In the following example, "Algorithms in C++" is present twice.

The $unset modifier can remove a particular field but how to remove an entry from a field?

{
  "_id" : ObjectId("4f6cd3c47156522f4f45b26f"), 
  "favorites" : {
    "books" : [
      "Algorithms in C++",    
      "The Art of Computer Programming", 
      "Graph Theory",      
      "Algorithms in C++"
    ]
  }, 
  "name" : "robert"
}

Solution 1

As of MongoDB 2.2 you can use the aggregation framework with an $unwind, $group and $project stage to achieve this:

db.users.aggregate([{$unwind: '$favorites.books'},
                    {$group: {_id: '$_id',
                              books: {$addToSet: '$favorites.books'},
                              name: {$first: '$name'}}},
                    {$project: {'favorites.books': '$books', name: '$name'}}
                   ])

Note the need for the $project to rename the favorites field, since $group aggregate fields cannot be nested.

Solution 2

The easiest solution is to use setUnion (Mongo 2.6+):

db.users.aggregate([
    {'$addFields': {'favorites.books': {'$setUnion': ['$favorites.books', []]}}}
])

Another (more lengthy) version that is based on the idea from @kynan's answer, but preserves all the other fields without explicitly specifying them (Mongo 3.4+):

> db.users.aggregate([
    {'$unwind': {
        'path': '$favorites.books',
        // output the document even if its list of books is empty
        'preserveNullAndEmptyArrays': true
    }},
    {'$group': {
        '_id': '$_id',
        'books': {'$addToSet': '$favorites.books'},
        // arbitrary name that doesn't exist on any document
        '_other_fields': {'$first': '$$ROOT'},
    }},
    {
      // the field, in the resulting document, has the value from the last document merged for the field. (c) docs
      // so the new deduped array value will be used
      '$replaceRoot': {'newRoot': {'$mergeObjects': ['$_other_fields', "$$ROOT"]}}
    },
    // this stage wouldn't be necessary if the field wasn't nested
    {'$addFields': {'favorites.books': '$books'}},
    {'$project': {'_other_fields': 0, 'books': 0}}
])

{ "_id" : ObjectId("4f6cd3c47156522f4f45b26f"), "name" : "robert", "favorites" : 
{ "books" : [ "The Art of Computer Programmning", "Graph Theory", "Algorithms in C++" ] } }    

Solution 3

What you have to do is use map reduce to detect and count duplicate tags .. then use $set to replace the entire books based on { "_id" : ObjectId("4f6cd3c47156522f4f45b26f"),

This has been discussed sevel times here .. please seee

Removing duplicate records using MapReduce

Fast way to find duplicates on indexed column in mongodb

http://csanz.posterous.com/look-for-duplicates-using-mongodb-mapreduce

http://www.mongodb.org/display/DOCS/MapReduce

How to remove duplicate record in MongoDB by MapReduce?

Solution 4

function unique(arr) {
    var hash = {}, result = [];
    for (var i = 0, l = arr.length; i < l; ++i) {
        if (!hash.hasOwnProperty(arr[i])) {
            hash[arr[i]] = true;
            result.push(arr[i]);
        }
    }
    return result;
}

db.collection.find({}).forEach(function (doc) {
    db.collection.update({ _id: doc._id }, { $set: { "favorites.books": unique(doc.favorites.books) } });
})

Solution 5

Starting in Mongo 4.4, the $function aggregation operator allows applying a custom javascript function to implement behaviour not supported by the MongoDB Query Language.

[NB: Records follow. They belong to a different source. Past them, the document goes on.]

Lemma rs_vertex_isolated y : rs_vertex y ->
  [/\ ~~ e y a, ~~ e y b & forall w, e x w -> e y w = (w == if e y r then r else s)].
Proof.
case/and4P => Hy ya yb; case: ifP => [yr _|yr /= ys].
- have [yNa yNb only_r] :=
    private_nbr_sharer Ha Hb ab ap aq br bs xp xq xr xs pq pr qr rs Hy ya yb yr.
  by split=> // w xw; apply/idP/eqP => [/(only_r w xw)|->].
- have sr : s != r by rewrite eq_sym.
  have [yNa yNb only_s] :=
    private_nbr_sharer Ha Hb ab ap aq bs br xp xq xs xr pq ps qs sr Hy ya yb ys.
  by split=> // w xw; apply/idP/eqP => [/(only_s w xw)|->].
Qed.

Lemma rs_vertex_excl y : rs_vertex y -> e y r -> ~~ e y s.
Proof.
by move=> ry yr; have [_ _ ->] := rs_vertex_isolated ry; rewrite // yr eq_sym.
Qed.

Lemma rs_vertex_step y z : rs_vertex y -> R y z -> rs_vertex z.
Proof.
move=> ry /and3P[yz Hy Hz]; have [yNa yNb _] := rs_vertex_isolated ry.
have za : z != a by apply: contraNneq yNa => <-.
have zb : z != b by apply: contraNneq yNb => <-.
rewrite /rs_vertex Hz za zb /=; have [w xw zw] := N2_nbr Hz.
case: (eqVneq w r) => [<-|wr]; first by rewrite zw.
case: (eqVneq w s) => [<-|ws]; first by rewrite zw orbT.
case/and4P: ry => _ _ y_b /orP[yr|ys]; exfalso; apply: no_C7.
- by exhibit_cycle [:: x; w; z; y; r; b; s].
- by exhibit_cycle [:: x; w; z; y; s; b; r].
Qed.

Lemma rs_vertex_connect y z : rs_vertex y -> connect R y z -> rs_vertex z.
Proof. exact: (connect_ind (P := fun y => rs_vertex y) rs_vertex_step). Qed.

Lemma rs_edge_in_component t : t \notin VAstar e x -> rs_vertex t ->
  exists y z, [/\ connect R t y, R y z, e y r & e z s].
Proof.
move=> tA rt; have Ht : t \in N2x by case/and4P: rt.
have rs_C y : connect R t y -> rs_vertex y by apply: rs_vertex_connect.
case: (boolP [exists u, connect R t u && (e u r != e t r)]) => [|mono].
  case/existsP => u /andP[tu ut].
  have [v [w [tv tw vr wr]]] :
      exists v w, [/\ connect R t v, connect R t w, e v r & ~~ e w r].
    case tr: (e t r) in ut; [exists t, u | exists u, t];
      by move: ut; rewrite connect0 tu tr; case: (e u r).
  have vw : connect R v w by rewrite (same_connect (induced_connect_sym _) tv) in tw.
  have [y [z [vy yr yz zr]]] := connect_exit_edge (P := e^~ r) vw vr wr.
  have ty := connect_trans tv vy.
  have /and4P[_ _ _] := rs_C z (connect_trans ty (connect1 yz)).
  by rewrite (negbTE zr) => zs; exists y, z.
exfalso; move/negP: tA; apply.
have tC : t \in [set y | connect R t y] by rewrite inE connect0.
apply: (mem_VAstar _ tC); apply: (in_AstarI (component_of Ht) tC).
rewrite /= => y w; rewrite inE => ty xw.
have same_colour : e y r = e t r.
  by apply/eqP; move: mono; rewrite negb_exists => /forallP/(_ y); rewrite ty negbK.
have [_ _ Ey] := rs_vertex_isolated (rs_C y ty).
have [_ _ Et] := rs_vertex_isolated rt.
by rewrite Ey // Et // same_colour.
Qed.

Lemma no_rs_path y0 y1 y2 ys : rs_vertex y0 -> e y0 r ->
  path R y0 [:: y1, y2 & ys] -> uniq [:: y0, y1, y2 & ys] -> ~~ e (last y2 ys) s.
Proof.
elim: ys y0 y1 y2 => [|y3 ys IH] y0 y1 y2 ry0 y0r /=.
all: move=> /andP[R01 /andP[R12 Rp]] /andP[y0_nin /andP[y1_nin U]].
all: have ry2 := rs_vertex_step (rs_vertex_step ry0 R01) R12.
all: move: (R01) (R12) => /and3P[e01 H0 H1] /and3P[e12 _ H2].
all: have y02 : y0 != y2 by apply: contraNneq y0_nin => ->; rewrite !inE eqxx orbT.
all: case y2s: (e y2 s);
  first by case: (no_2path_between_nbrs xr xs rs H0 H1 H2 y02 y0r e01 e12 y2s).
  by [].
have y2r : e y2 r by case/and4P: ry2 => _ _ _; rewrite y2s orbF.
have R23 : R y2 y3 by case/andP: Rp.
have ry3 := rs_vertex_step ry2 R23; have /and3P[e23 _ H3] := R23.
have ry1 := rs_vertex_step ry0 R01.
case y1r: (e y1 r).
  by apply: (IH y1 y2 y3) => //=; rewrite ?R12 ?Rp ?y1_nin.
have y1s : e y1 s by case/and4P: ry1 => _ _ _; rewrite y1r.
have y03 : y0 != y3 by apply: contraNneq y0_nin => ->; rewrite !inE eqxx !orbT.
have y13 : y1 != y3 by apply: contraNneq y1_nin => ->; rewrite !inE eqxx !orbT.
case y3s: (e y3 s).
  by case: (no_3path_between_nbrs xr xs rs H0 H1 H2 H3 y02 y03 y13 y0r e01 e12 e23 y3s).
have y3r : e y3 r by case/and4P: ry3 => _ _ _; rewrite y3s orbF.
have sr : s != r by rewrite eq_sym.
by case: (no_2path_between_nbrs xs xr sr H1 H2 H3 y13 y1s e12 e23 y3r).
Qed.

Lemma two_pairs_undominated (S : {set T}) :
  S \subset N2x :\: VAstar e x -> independent e S -> b \notin S ->
  r \in nbrS e S -> s \in nbrS e S -> False.
Proof.
move=> SN2 Sind bS; rewrite !inE => /andP[_ /exists_inP[t tS tr]].
move=> /andP[_ /exists_inP[t' t'S t's]].
case/setDP: (subsetP SN2 t tS) => Ht tA; case/setDP: (subsetP SN2 t' t'S) => Ht' t'A.
have ar : ~~ e a r.
  by apply/negP => ar; apply: no_C6; exhibit_cycle [:: x; q; a; r; b; s].
have as_ : ~~ e a s.
  by apply/negP => as_; apply: no_C6; exhibit_cycle [:: x; q; a; s; b; r].
have rt : rs_vertex t.
  apply/and4P; split; rewrite ?tr //; first by apply: contraNneq ar => <-.
  by apply: contraNneq bS => <-.
have rt' : rs_vertex t'.
  apply/and4P; split; rewrite ?t's ?orbT //; first by apply: contraNneq as_ => <-.
  by apply: contraNneq bS => <-.
case: (boolP (connect R t t')) => [|tNt'].
  case/connectP => pth Rp t'E; case: (shortenP Rp) t'E => p' Rp' U _ t'E.
  case: p' Rp' U t'E => [|y1 [|y2 ys]] /= Rp' U t'E; subst t'.
  - by rewrite (negbTE (rs_vertex_excl rt tr)) in t's.
  - by case/andP: Rp' => /and3P[tt' _ _]; rewrite (negbTE (Sind _ _ tS t'S)) in tt'.
  - by rewrite (negbTE (no_rs_path rt tr Rp' U)) in t's.
have [y0 [z0 [ty0 Ry0z0 y0r z0s]]] := rs_edge_in_component tA rt.
have [y1 [z1 [t'y1 Ry1z1 y1r z1s]]] := rs_edge_in_component t'A rt'.
have apart u v : connect R t u -> connect R t' v -> u != v.
  move=> tu t'v; apply: contraNneq tNt' => uv; apply: connect_trans tu _.
  by rewrite uv induced_connect_sym.
have tz0 := connect_trans ty0 (connect1 Ry0z0).
have t'z1 := connect_trans t'y1 (connect1 Ry1z1).
have [y0z1 y0y1] := (apart _ _ ty0 t'z1, apart _ _ ty0 t'y1).
have [z0z1 z0y1] := (apart _ _ tz0 t'z1, apart _ _ tz0 t'y1).
case/and3P: Ry0z0 Ry1z1 => e0 H0 H0' /and3P[e1 H1 H1'].
by apply: no_C6; exhibit_cycle [:: r; y0; z0; s; z1; y1].
Qed.

End TwoPairs.

End Graph.

Theorem corollary2p13 (T : finType) (e : rel T) :
  simple_graph e -> ~ has_Ck e 6 -> ~ has_Ck e 7 ->
  forall (x : T) (A : {set T}),
    is_component e (N2 e x) A -> ~ in_Astar e x A ->
  forall a b : T, a \in A -> b \in A -> e a b ->
    #|nbr e a :&: Dset e x| = 2 -> #|nbr e b :&: Dset e x| = 2 ->
  ~ (exists S : {set T},
       [/\ S \subset N2 e x :\: VAstar e x, independent e S &
           Dset e x \subset nbrS e S]).
Proof.
move=> [e_sym e_irr] no_C6 no_C7 x A HA notA a b aA bA ab Da Db [S [SN2 Sind DS]].
have [Ha Hb] := (subsetP (component_sub HA) a aA, subsetP (component_sub HA) b bA).
have D_nbr w : w \in Dset e x -> e x w by rewrite inE => /andP[_]; rewrite inE.
have [p [q [pq ap aq pD qD]]] := card2_nbrI Da.
have [r [s [rs br bs rD sD]]] := card2_nbrI Db.
have [xp xq] := (D_nbr p pD, D_nbr q qD).
have [xr xs] := (D_nbr r rD, D_nbr s sD).
have [ar as_] := nbr_pairs_disjoint e_sym e_irr no_C6 no_C7 HA notA aA Hb ab
  ap aq br bs xp xq xr xs pq rs.
have [pr qr] : p != r /\ q != r by split; apply: contraNneq ar => <-.
have [ps qs] : p != s /\ q != s by split; apply: contraNneq as_ => <-.
case: (boolP (a \in S)) => aS.
- have bS : b \notin S by apply/negP => /(Sind a b aS); rewrite ab.
  exact: (two_pairs_undominated e_sym e_irr no_C6 no_C7 Ha Hb ab ap aq br bs xp xq xr xs
    pq pr ps qr qs rs SN2 Sind bS (subsetP DS r rD) (subsetP DS s sD)).
- have [ba rp sp rq sq] : [/\ e b a, r != p, s != p, r != q & s != q].
    by rewrite e_sym !(eq_sym _ p) !(eq_sym _ q).
  exact: (two_pairs_undominated e_sym e_irr no_C6 no_C7 Hb Ha ba br bs ap aq xr xs xp xq
    rs rp rq sp sq pq SN2 Sind aS (subsetP DS p pD) (subsetP DS q qD)).
Qed.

For instance, in order to remove duplicates from an array:

// {
//   "favorites" : { "books" : [
//     "Algorithms in C++",
//     "The Art of Computer Programming",
//     "Graph Theory",
//     "Algorithms in C++"
//   ]},
//   "name" : "robert"
// }
db.collection.aggregate(
  { $set:
    { "favorites.books":
      { $function: {
          body: function(books) { return books.filter((v, i, a) => a.indexOf(v) === i) },
          args: ["$favorites.books"],
          lang: "js"
      }}
    }
  }
)
// {
//   "favorites" : { "books" : [
//     "Algorithms in C++",
//     "The Art of Computer Programming",
//     "Graph Theory"
//   ]},
//   "name" : "robert"
// }

This has the advantages of:

  • keeping the original order of the array (if that's not a requirement, then prefer @Dennis Golomazov's $setUnion answer)
  • being more efficient than a combination of expensive $unwind and $group stages.

$function takes 3 parameters:

  • body, which is the function to apply, whose parameter is the array to modify.
  • args, which contains the fields from the record that the body function takes as parameter. In our case "$favorites.books".
  • lang, which is the language in which the body function is written. Only js is currently available.